We observed that the expression of PDEF in PC3 cells resulted in increased levels of YAP1 and phospho-YAP1 (Ser127) protein, increased phospho-YAP1 (Ser127)/total YAP1 ratio, and a negative enrichment of YAP1 conserved signature. We also observed a gradual decrease in YAP1 mRNA expression during prostate cancer progression (low to high Gleason grade and during metastasis). Analysis of YAP1 and PDEF in the neuroendocrine prostate cancer (NEPC)/CRPC dataset showed a further decrease in YAP1 as well as PDEF mRNA levels in NEPC as compared to CRPC, and a direct correlation between PDEF and YAP1 expression. These exciting results show for the first time the inhibition of YAP1 transcriptional activity by PDEF, and a potential cross-talk between PDEF and the Hippo pathway.

2. Results

2.1. Expression of PDEF in PC3 and DU145 Cells Results in Increased YAP1 and Phospho-YAP1 Protein (Ser127), An Increased Phospho-YAP1 Protein (Ser127)/YAP1 Protein Ratio, and Negative Enrichment of YAP1 Target Genes

To investigate the relationship between PDEF and YAP1, levels of total YAP1 and phosphorylated YAP1 (Ser127) protein were analyzed in PDEF-PC3 and PDEF-DU145 cells [21], and VC-PC3/VC-DU145 cells by western blots. We observed that PDEF-PC3 and PDEF-DU145 cells have a higher amount of YAP1 protein levels (total and phosphoprotein (Ser127) levels) as compared to VC-PC3/VC-DU145 cells (Figure 1A,B). Moreover, quantitation of Phospho-YAP1 Protein (Ser127) and YAP1 protein levels revealed that PDEF expression results in an increased Phospho-YAP1 Protein (Ser127)/YAP1 protein ratio, suggesting potential inhibition of YAP1 mediated transcription. Furthermore, analysis by immunofluorescence (IMF) for YAP1 showed more cytoplasmic YAP1 levels in PDEF-PC3 cells as compared to VC-PC3 cells (Figure 1C). To further elucidate the mechanistic role of PDEF in regulating YAP1 levels, we analyzed mRNA expression data generated in the Affymetrix format, from PDEF-PC3 and VC-PC3 cells that we have described previously (GSE108641) [25]. Gene set enrichment analysis (GSEA) of mRNA expression in PDEF-PC3 and VC-PC3 cells revealed that PDEF inhibits expression of YAP1 target genes (Figure 1D), directly demonstrating that PDEF plays a critical role in modulating YAP1 transcriptional activity, and by extension in the regulation of the Hippo pathway. These results are the first direct demonstration of regulation of YAP1 by PDEF in any system.

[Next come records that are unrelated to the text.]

Lemma local_diffeo_det n (O : Vec n -> Prop) (u : Vec n -> Vec n) x :
  is_open O -> C2_on O u -> local_diffeo_on O u -> O x -> det (Du u x) <> 0.
Proof.
  intros HO Hu HL hx.
  destruct (HL x hx) as [U [V [v [_ [HUx [_ [HVo [HUV [HVU HvC]]]]]]]]].
  destruct (HUV x HUx) as [HVux Hvux].
  apply (Determinants.det_neq0_of_right_inverse _ _ (Du v (u x))).
  apply (jacobian_right_inverse n O V u v x (u x)).
  - exact HO.
  - apply C1_of_C2, Hu.
  - exact hx.
  - exact HVo.
  - exact HVux.
  - apply functional_extensionality; exact Hvux.
  - intros k b. apply (HvC k (u x) HVux).
  - intros w hw. apply (HVU w hw).
Qed.

Lemma frob2_nonneg n (A : Mat n) : 0 <= frob2 A.
Proof.
  unfold frob2. apply fsum_nonneg; intros a. apply fsum_nonneg; intros i. apply pow2_ge_0.
Qed.

Definition half_grad_frob2 {n} (u : Vec n -> Vec n) (x : Vec n) (i : Fin.t n) : R :=
  fsum n (fun b => fsum n (fun j => Du u x b j * D2u u x b i j)).

Lemma frob2_partial n (O : Vec n -> Prop) (u : Vec n -> Vec n) y i :
  C2_on O u -> O y ->
  derivable_pt_lim (fun t => frob2 (Du u (shift y i t))) 0 (2 * half_grad_frob2 u y i).
Proof.
  intros Hu hy. unfold half_grad_frob2, frob2.
  rewrite <- fsum_scal. apply derivable_pt_lim_fsum. intros b.
  rewrite <- fsum_scal. apply derivable_pt_lim_fsum. intros j.
  rewrite <- Rmult_assoc.
  assert (Hd : derivable_pt_lim (fun t => Du u (shift y i t) b j) 0 (D2u u y b i j)).
  { apply Dp_correct. apply (Hu b y hy). }
  pose proof (derivable_pt_lim_square _ 0 _ Hd) as E. cbv beta in E.
  rewrite shift0 in E. exact E.
Qed.

(* With [Du] invertible, [ker Du^T = 0], so the projection [[Du]^perp] vanishes. *)
Lemma proj_ker_zero n (A : Mat n) : det A <> 0 -> forall a b, proj_ker A a b = 0.
Proof.
  intros Hdet.
  assert (K : forall z : Vec n, (forall i, fsum n (fun a => A a i * z a) = 0) -> forall b, z b = 0).
  { apply (Determinants.det_neq0_kernel n (fun i a => A a i)).
    rewrite Determinants.det_transpose. exact Hdet. }
  assert (HP : is_proj_ker A (proj_ker A)).
  { unfold proj_ker. apply epsilon_spec. exists (fun _ _ => 0).
    intros v. simpl. split.
    - intros i. apply fsum_zero; intros a. rewrite fsum_zero; [ring|]. intros; ring.
    - intros z hz. apply fsum_zero; intros a. rewrite (K z hz a). ring. }
  intros a b.
  destruct (HP (fun c => if Fin.eq_dec c b then 1 else 0)) as [Hcol _].
  pose proof (K _ Hcol a) as E. simpl in E.
  rewrite (fsum_single _ _ b) in E.
  - destruct (Fin.eq_dec b b); [|congruence]. rewrite <- E. ring.
  - intros c hc. destruct (Fin.eq_dec c b); [congruence|]. ring.
Qed.

Lemma inf_lap_nondegenerate n (u : Vec n -> Vec n) x al :
  det (Du u x) <> 0 ->
  inf_lap u x al = fsum n (fun i => Du u x al i * half_grad_frob2 u x i).
Proof.
  intros Hdet. unfold inf_lap.
  rewrite (fsum_zero n (fun b => fsum n (fun i => proj_ker (Du u x) al b * D2u u x b i i))).
  - rewrite Rmult_0_r, Rplus_0_r. apply fsum_ext; intros i. unfold half_grad_frob2.
    rewrite <- fsum_scal, fsum_swap. apply fsum_ext; intros j.
    rewrite <- fsum_scal. apply fsum_ext; intros b. ring.
  - intros b. apply fsum_zero. intros i. rewrite proj_ker_zero by exact Hdet. ring.
Qed.

Lemma connected_locally_constant n (O : Vec n -> Prop) (f : Vec n -> R) :
  is_connected O ->
  (forall y, O y -> exists r, r > 0 /\ forall z, Defs.dist y z < r -> O z /\ f z = f y) ->
  forall x y, O x -> O y -> f y = f x.
Proof.
  intros Hconn Hloc x y hx hy. apply NNPP. intros hne.
  assert (Hopen : forall P : R -> Prop, is_open (fun z => O z /\ P (f z))).
  { intros P z [hz Pz]. destruct (Hloc z hz) as [r [hr H]]. exists r. split; [exact hr|].
    intros w hw. destruct (H w hw) as [Ow Ew]. rewrite Ew. split; assumption. }
  destruct (Hconn (fun z => O z /\ f z = f x) (fun z => O z /\ f z <> f x))
    as [w [_ [[_ e1] [_ e2]]]].
  - apply (Hopen (fun s => s = f x)).
  - apply (Hopen (fun s => s <> f x)).
  - intros z hz. destruct (classic (f z = f x)); [left|right]; auto.
  - exists x. auto.
  - exists y. auto.
  - exact (e2 e1).
Qed.

Lemma constant_norm_inf_harmonic n (O : Vec n -> Prop) (u : Vec n -> Vec n) :
  is_open O -> C2_on O u ->
  (exists a, 0 <= a /\ forall x, O x -> in_La a (Du u x)) ->
  forall x, O x -> forall al, inf_lap u x al = 0.
Proof.
  intros HO Hu [a [ha HL]] x hx al.
  assert (Hconst : forall y, O y -> frob2 (Du u y) = a).
  { intros y hy. apply sqrt_inj; [apply frob2_nonneg|exact ha|apply (HL y hy)]. }
  assert (Hgrad : forall i, half_grad_frob2 u x i = 0).
  { intros i. destruct (HO x hx) as [r [hr Hr]].
    assert (D0 : derivable_pt_lim (fun t => frob2 (Du u (shift x i t))) 0 0).
    { apply (derivable_pt_lim_local (fun _ => a)); [apply derivable_pt_lim_const|].
      exists r. split; [exact hr|]. intros t ht. symmetry. apply Hconst, Hr.
      rewrite dist_shift. exact ht. }
    pose proof (uniqueness_limite _ _ _ _ (frob2_partial n O u x i Hu hx) D0). lra. }
  rewrite inf_lap_nondegenerate by apply (HL x hx).
  apply fsum_zero. intros i. rewrite Hgrad. ring.
Qed.

Lemma inf_harmonic_constant_norm n (O : Vec n -> Prop) (u : Vec n -> Vec n) :
  is_open O -> is_connected O -> C2_on O u -> local_diffeo_on O u ->
  (forall x, O x -> forall al, inf_lap u x al = 0) ->
  exists a, 0 <= a /\ forall x, O x -> in_La a (Du u x).
Proof.
  intros HO Hconn Hu HL Hinf.
  assert (Hdet : forall x, O x -> det (Du u x) <> 0)
    by (intros x hx; apply (local_diffeo_det n O u x HO Hu HL hx)).
  assert (Hgrad : forall x, O x -> forall i, half_grad_frob2 u x i = 0).
  { intros x hx. apply (Determinants.det_neq0_kernel n (Du u x) (Hdet x hx)).
    intros al. rewrite <- inf_lap_nondegenerate by apply (Hdet x hx). apply Hinf, hx. }
  set (f := fun y => frob2 (Du u y)).
  assert (Hloc : forall y, O y -> exists r, r > 0 /\
                  forall z, Defs.dist y z < r -> O z /\ f z = f y).
  { intros y hy. destruct (HO y hy) as [r [hr Hr]]. exists r. split; [exact hr|].
    intros z hz. split; [apply Hr, hz|].
    apply (zero_partials_constant_on_ball n f y r); [|exact hz].
    intros y' hy' i. pose proof (frob2_partial n O u y' i Hu (Hr y' hy')) as D.
    rewrite (Hgrad y' (Hr y' hy') i), Rmult_0_r in D.
    split; [exists 0; exact D|apply Dp_unique, D]. }
  destruct (classic (exists x0, O x0)) as [[x0 hx0] | Hempty].
  - exists (f x0). split; [apply frob2_nonneg|]. intros x hx. split.
    + f_equal. apply (connected_locally_constant n O f Hconn Hloc x0 x hx0 hx).
    + apply Hdet, hx.
  - exists 0. split; [lra|]. intros x hx. exfalso. apply Hempty. exists x. exact hx.
Qed.

Theorem lemma2p1 (n : nat) (Omega : Vec n -> Prop) (u : Vec n -> Vec n) :
  is_open Omega -> is_connected Omega -> C2_on Omega u ->
  ((exists a, 0 <= a /\ forall x, Omega x -> in_La a (Du u x)) ->
     forall x, Omega x -> forall al, inf_lap u x al = 0) /\
  (local_diffeo_on Omega u ->
     (forall x, Omega x -> forall al, inf_lap u x al = 0) ->
     exists a, 0 <= a /\ forall x, Omega x -> in_La a (Du u x)).
Proof.
  intros HO Hconn Hu. split.
  - apply constant_norm_inf_harmonic; assumption.
  - intros HL. apply inf_harmonic_constant_norm; assumption.
Qed.
(* Let $S=\operatorname{FInv}\langle X\mid R\rangle$ with $R$ a symmetric relation on $\mathbb{I}\mathfrak{m}_X$, and let $\Gamma_X$ be the Cayley graph of its greatest group image $G$. Then for every term $w\in\mathbb{I}\mathfrak{m}_X$, the $F$-Schützenberger graph $F\Gamma(w)$ equals $\langle\overline w\rangle^{c_R}$, the smallest $c_R$-closed subgraph of $\Gamma_X$ containing $\langle\overline w\rangle$. Furthermore $F\Gamma(w)=\bigcup_{i\ge0}\Delta_i$, where $\Delta_0=\langle\overline w\rangle$ and $\Delta_{i+1}$ is the full $P$-expansion of $\Delta_i$ with respect to $R$.
   Context: $\operatorname{FInv}\langle X\mid R\rangle$ is the quotient of the free $F$-inverse monoid on $X$ (signature $(\cdot,1,{}^{-1},{}^{\mathfrak m})$, $s^{\mathfrak m}$ the greatest element of the $\sigma$-class of $s$) by the congruence generated by $R$. $\mathbb{I}\mathfrak{m}_X$ is the set of terms $u_0v_1^{\mathfrak m}u_1\cdots v_n^{\mathfrak m}u_n$ ($u_i,v_i\in(X\cup X^{-1})^*$). $\Gamma_X$: vertices $G$, edge labeled $x$ from $g$ to $gx_G$ ($x\in X\cup X^{-1}$) with inverse edges; subgraphs closed under endpoints and inverses. The journey labeled $w$ from $g$ is $g\overline w=(g\overline{u_0},g(u_0v_1)_G\overline{u_1},\dots,g(u_0v_1\cdots u_{n-1}v_n)_G\overline{u_n})$, $h\overline u$ the path from $h$ labeled by word $u$, $\overline w=1\overline w$; $\langle g\overline w\rangle$ is the union of the subgraphs spanned by its paths; $w$ labels a journey in $\Delta$ from $g$ to $h$ if $gw_G=h$ and $\langle g\overline w\rangle\subseteq\Delta$. For a symmetric relation $Q$ on $\mathbb{I}\mathfrak{m}_X$ with pairs equal in $G$, a subgraph $\Delta$ is $c_Q$-closed if for all $(u,v)\in Q$ and $g,h\in V(\Delta)$, $u$ labels a journey in $\Delta$ from $g$ to $h$ iff $v$ does, and $\Delta^{c_Q}$ is the intersection of the $c_Q$-closed subgraphs containing $\Delta$. $c_S=c_Q$ for $Q=\{(u,v):u_S=v_S\}$, and $F\Gamma(w)=\langle\overline w\rangle^{c_S}$. The full $P$-expansion of $\Delta$ with respect to $R$ is $\Delta\cup\bigcup\langle g\overline v\rangle$ over all $(u,v)\in R$, $g\in V(\Delta)$ with $\langle g\overline u\rangle\subseteq\Delta$. *)

From Stdlib Require Import List ClassicalEpsilon.
Import ListNotations.

Section Terms.
Context {X : Type}.

(* a letter of X ∪ X^{-1}: (x,false) = x, (x,true) = x^{-1} *)
Definition letter : Type := (X * bool)%type.
Definition word : Type := list letter.
Definition linv (a : letter) : letter := (fst a, negb (snd a)).

(* terms of the full signature (·, 1, ^{-1}, ^m) over X *)
Inductive fterm : Type :=
| FVar (x : X) | FOne | FMul (a b : fterm) | FInv (a : fterm) | FM (a : fterm).

(* an element u0 v1^m u1 ... vn^m un of Im_X :
   im_head = u0, im_tail = [(v1,u1); ...; (vn,un)] *)
Record imterm : Type := IM { im_head : word; im_tail : list (word * word) }.

Definition lterm (a : letter) : fterm :=
  if snd a then FInv (FVar (fst a)) else FVar (fst a).
Fixpoint wterm (u : word) : fterm :=
  match u with [] => FOne | a :: u' => FMul (lterm a) (wterm u') end.
Fixpoint tail_term (acc : fterm) (t : list (word * word)) : fterm :=
  match t with
  | [] => acc
  | (v, u) :: t' => tail_term (FMul (FMul acc (FM (wterm v))) (wterm u)) t'
  end.
Definition imterm_term (w : imterm) : fterm := tail_term (wterm (im_head w)) (im_tail w).
End Terms.
Arguments letter : clear implicits.
Arguments word : clear implicits.
Arguments fterm : clear implicits.
Arguments imterm : clear implicits.
Lemma sqr_sub_sqrt_le_kl_term (p q : R) : 0 <= p -> 0 < q ->
  (Num.sqrt p - Num.sqrt q) ^+ 2 <= kl_term p q.
Proof.
rewrite le_eqVlt => /predU1P[<- q0|p0 q0].
  by rewrite /kl_term sqrtr0 sub0r sqrrN sqr_sqrtr ?mul0r ?subr0 ?add0r // ltW.
set a := Num.sqrt p; set b := Num.sqrt q.
have a0 : 0 < a by rewrite sqrtr_gt0.
have b0 : 0 < b by rewrite sqrtr_gt0.
have pa : p = a ^+ 2 by rewrite sqr_sqrtr // ltW.
have qb : q = b ^+ 2 by rewrite sqr_sqrtr // ltW.
(* [p ln (p / q) = - 2 a^2 ln (b / a) >= 2 a^2 (1 - b / a)], by [ln z <= z - 1] *)
have ln_pq : ln (p / q) = - (ln (b / a) *+ 2).
  rewrite -lnXn ?divr_gt0 // -lnV ?posrE ?exprn_gt0 ?divr_gt0 //; congr ln.
  by rewrite pa qb; field; rewrite !gt_eqF.
have := ln_le_subr1 (divr_gt0 b0 a0).
rewrite -(ler_pM2l (exprn_gt0 2 a0)) => ln_ba.
have : a ^+ 2 * (b / a - 1) = a * b - a ^+ 2 by field; rewrite gt_eqF.
rewrite /kl_term ln_pq pa qb mulrN mulr2n; nra.
Qed.

Lemma kl_term_ge0 (p q : R) : 0 <= p -> 0 < q -> 0 <= kl_term p q.
Proof. by move=> p0 q0; apply: le_trans (sqr_sub_sqrt_le_kl_term p0 q0); exact: sqr_ge0. Qed.

Lemma sqr_sub_le_sqr_sub_sqrt (p q : R) : 0 <= p <= 1 -> 0 <= q <= 1 ->
  (q - p) ^+ 2 <= 4 * (Num.sqrt p - Num.sqrt q) ^+ 2.
Proof.
move=> /andP[p0 p1] /andP[q0 q1].
rewrite -{1}(sqr_sqrtr p0) -{1}(sqr_sqrtr q0).
set a := Num.sqrt p; set b := Num.sqrt q.
have a1 : a <= 1 by rewrite -sqrtr1 ler_sqrt.
have b1 : b <= 1 by rewrite -sqrtr1 ler_sqrt.
have a0 : 0 <= a := sqrtr_ge0 p; have b0 : 0 <= b := sqrtr_ge0 q.
have -> : (b ^+ 2 - a ^+ 2) ^+ 2 = (a + b) ^+ 2 * (a - b) ^+ 2 by ring.
rewrite ler_wpM2r ?sqr_ge0 // (_ : 4 = 2 ^+ 2); last by rewrite expr2; lra.
by rewrite lerXn2r ?nnegrE; lra.
Qed.

Lemma RE_sum_kl_term n (p q : 'I_n -> R) : simplex p -> simplex q ->
  RE p q = \sum_i kl_term (p i) (q i).
Proof. by move=> [_ p1] [_ q1]; rewrite !big_split /= sumrN p1 q1 subrK. Qed.

Lemma RE_ge0 n (p q : 'I_n -> R) : simplex p -> simplex q -> (forall i, 0 < q i) ->
  0 <= RE p q.
Proof.
move=> sp sq q0; rewrite RE_sum_kl_term //; apply: sumr_ge0 => i _.
by apply: kl_term_ge0 => //; case: sp.
Qed.

Lemma sqr_sub_le_RE n (p q : 'I_n -> R) i : simplex p -> simplex q -> (forall i, 0 < q i) ->
  (q i - p i) ^+ 2 <= 4 * RE p q.
Proof.
move=> sp sq q0; have [p0 _] := sp.
rewrite (le_trans (sqr_sub_le_sqr_sub_sqrt _ _)) ?p0 ?(ltW (q0 i)) ?simplex_le1 //.
rewrite ler_pM2l // RE_sum_kl_term // (bigD1 i) //= ler_wpDr ?sqr_sub_sqrt_le_kl_term //.
by apply: sumr_ge0 => j _; exact: kl_term_ge0.
Qed.

Lemma mul_ln_div_le (p q : R) : 0 <= p -> 0 < q -> p <= 2 * q ->
  p * ln (p / q) <= 2 * `|q - p|.
Proof.
rewrite le_eqVlt => /predU1P[<-|p0] q0 p2q; first by rewrite mul0r mulr_ge0.
have pq0 : 0 < p / q by rewrite divr_gt0.
apply: le_trans (ler_wpM2l (ltW p0) (ln_le_subr1 pq0)) _.
have -> : p * (p / q - 1) = p / q * (p - q) by field; rewrite gt_eqF.
have pq2 : p / q <= 2 by rewrite ler_pdivrMr.
have le_norm : p - q <= `|q - p| by rewrite distrC ler_norm.
by apply: le_trans (ler_wpM2l (ltW pq0) le_norm) _; exact: ler_wpM2r.
Qed.

Lemma RE_le_sum_dist n (p q : 'I_n -> R) :
  (forall i, 0 <= p i) -> (forall i, 0 < q i) -> (forall i, p i <= 2 * q i) ->
  RE p q <= 2 * \sum_i `|q i - p i|.
Proof.
by move=> p0 q0 p2q; rewrite mulr_sumr; apply: ler_sum => i _; exact: mul_ln_div_le.
Qed.

Lemma RE_small_near n (p : 'I_n -> R) e : simplex p -> 0 < e ->
  exists2 d, 0 < d & forall q, (forall i, 0 < q i) ->
    (forall i, `|q i - p i| < d) -> RE p q <= e.
Proof.
move=> [p0 _] e0; pose pmin := \big[Order.min/1]_(i | 0 < p i) p i.
have pmin0 : 0 < pmin by apply: lt_bigmin.
have e2 : 0 < e / 2 by rewrite divr_gt0.
exists (Num.min (pmin / 2) (e / 2 / (n%:R + 1))).
  by rewrite lt_min !divr_gt0 // ltr_wpDl.
move=> q q0 near_p; rewrite (_ : e = 2 * (e / 2)); last by field.
apply: le_trans (RE_le_sum_dist p0 q0 _) _.
  move=> i; have [pi0|] := ltP 0 (p i); last first.
    by move=> pi_le0; rewrite (le_trans pi_le0) // mulr_ge0 // ltW.
  have := near_p i; rewrite lt_min => /andP[lt_pmin _].
  have : pmin <= p i by exact: bigmin_le_cond.
  have := ler_norm (p i - q i); rewrite distrC; lra.
rewrite ler_pM2l //; apply: sum_norm_le => // i.
by have := near_p i; rewrite lt_min => /andP[].
Qed.

Lemma cvg_of_RE_cvg0 n (p : 'I_n -> R) (q : nat -> 'I_n -> R) : simplex p ->
  (\forall t \near \oo, simplex (q t) /\ forall i, 0 < q t i) ->
  RE p (q t) @[t --> \oo] --> 0 -> forall i, q t i @[t --> \oo] --> p i.
Proof.
move=> sp q_pos /cvgrPdist_le RE0 i; apply/cvgrPdist_le => e e0.
have e4 : 0 < e ^+ 2 / 4 by rewrite divr_gt0 ?exprn_gt0.
move: (RE0 _ e4) q_pos; apply: filterS2 => t; rewrite sub0r normrN => RE_small [sq q0].
have := sqr_sub_le_RE i sp sq q0.
rewrite -real_normK ?num_real // distrC => sqr_le.
rewrite -(ler_pXn2r (isT : (0 < 2)%N)) ?nnegrE ?(ltW e0) //.
have := ler_norm (RE p (q t)); lra.
Qed.

End RelativeEntropy.

Section Dynamics.
Variables (R : realType) (n m : nat) (A : 'M[R]_(n, m)).
Variables (mu : nat -> R) (ystar : 'I_m -> R) (x : nat -> 'I_n -> R) (y : nat -> 'I_m -> R).
Hypothesis A01 : forall i j, 0 <= A i j <= 1.
Hypothesis mu_ge0 : forall t, (1 <= t)%N -> 0 <= mu t.
Hypothesis mwu : is_MWU A mu x y.

Local Notation v := (game_value A).
Local Notation f := (fval A).

Let n_gt0 : (0 < n)%N := simplex_dim_gt0 mwu.1.

Definition mwu_normalizer t := \sum_i x t i * expR (- mu t * payoff A (pure i) (y t)).
Local Notation Z := mwu_normalizer.

Lemma mwu_update t i : (1 <= t)%N ->
  x t.+1 i = x t i * expR (- mu t * payoff A (pure i) (y t)) / Z t.
Proof. by case: mwu => _ [_ upd] /upd ->. Qed.

Lemma mwu_simplex_pos t : (1 <= t)%N -> simplex (x t) /\ forall i, 0 < x t i.
Proof.
case: mwu => sx1 [px1 _]; elim: t => [//|t IH] _.
have [->|t_gt0] := posnP t; first by split.
have [[x0 x1] px] := IH t_gt0.
have Z0 : 0 < Z t by apply: psumr_gt0 => // i; rewrite mulr_gt0 ?expR_gt0.
have px' i : 0 < x t.+1 i by rewrite mwu_update // divr_gt0 // mulr_gt0 ?expR_gt0.
split => //; split => [i|]; first exact/ltW.
under eq_bigr => i _ do rewrite mwu_update //.
by rewrite -mulr_suml mulfV ?gt_eqF.
Qed.

Lemma mwu_simplex t : (1 <= t)%N -> simplex (x t).
Proof. by move=> /mwu_simplex_pos[]. Qed.

Lemma mwu_pos t i : (1 <= t)%N -> 0 < x t i.
Proof. by move=> /mwu_simplex_pos[_]. Qed.

Lemma normalizer_gt0 t : (1 <= t)%N -> 0 < Z t.
Proof. by move=> t1; apply: psumr_gt0 => // i; rewrite mulr_gt0 ?expR_gt0 ?mwu_pos. Qed.

Lemma normalizer_mul_next t i : (1 <= t)%N ->
  Z t * x t.+1 i = x t i * expR (- mu t * payoff A (pure i) (y t)).
Proof. by move=> t1; rewrite mwu_update // mulrC divfK // gt_eqF ?normalizer_gt0. Qed.

Lemma RE_mwu_step p t : (1 <= t)%N -> simplex p ->
  RE p (x t.+1) = RE p (x t) + mu t * payoff A p (y t) + ln (Z t).
Proof.
move=> t1 [p0 p1]; rewrite payoff_suml mulr_sumr -[ln (Z t)]mul1r -p1 mulr_suml.
rewrite /RE -!big_split /=; apply: eq_bigr => i _.
have [->|pi0] := eqVneq (p i) 0; first by rewrite !mul0r mulr0 !addr0.
have xi0 := mwu_pos i t1; have Z0 := normalizer_gt0 t1.
have pi_pos : 0 < p i by rewrite lt0r pi0 p0.
have -> : p i / x t.+1 i = p i / x t i * (Z t * expR (mu t * payoff A (pure i) (y t))).
  rewrite mwu_update // mulNr expRN; field.
  by rewrite !gt_eqF ?expR_gt0.
rewrite [ln (_ * (_ * _))]lnM ?posrE ?divr_gt0 ?mulr_gt0 ?expR_gt0 //.
by rewrite [ln (Z t * _)]lnM ?posrE ?expR_gt0 // expRK; ring.
Qed.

2.2. YAP1 mRNA Expression is Decreased in PCa Patients from Different Clinical Cohorts

We analyzed multiple clinical cohorts of PCa for YAP1 mRNA expression using interactive web resource UALCAN [27] and c-Bioportal [28,29]. The results revealed a significant decrease in YAP1 mRNA levels in patients with PCa (n = 497) as compared to the normal control (n = 52; p = 3.81 × 10−10; Figure 2A) in The Cancer Genome Atlas (TCGA) data set [30]. We also analyzed YAP1 mRNA expression data for patients with different Gleason scores (GS). Compared to normal control, we found a significant decrease in YAP1 mRNA levels in all grades of PCa (GS6; p = −6.12 × 10−10, GS7; p = 9.20 × 10−10, GS8; p = 6.24 × 10−10 and GS9; p = −1.75 × 10−10) (Figure 2B). Moreover, YAP1 mRNA levels were significantly decreased in PCa patients irrespective of lymph node metastasis (N0, p = 7.45 × 10−10; n = 345 and N1, p = −1.36 × 10−9; n = 79) as compared to normal controls (n = 52; Figure 2C). Further analysis of YAP1 mRNA data in Prostate Adenocarcinoma MSKCC dataset [31] (n = 216) revealed that 51% of patients have decreased YAP1 mRNA levels (Figure 2D). These data suggest that a decrease in YAP1 mRNA expression might be an early event in prostate cancer.

2.3. YAP1 Protein Levels in High-Grade PCa

To elucidate the status of YAP1 protein levels in a PCa patient’s sample, we reviewed the immunohistochemistry (IHC) images for YAP1 protein expression across PCa samples in The Human Protein Atlas website [32]. There appears to be a discrepancy with respect to YAP-1 expression, subject to what antibody was used for IHC analysis. A representative image is shown in Figure 2E. These data suggest decreased levels of YAP1 protein in patients with a high-grade PCa tumor as compared to low-grade PCa tumor. These observations are in line with mRNA expression data analyzed from several clinical cohorts.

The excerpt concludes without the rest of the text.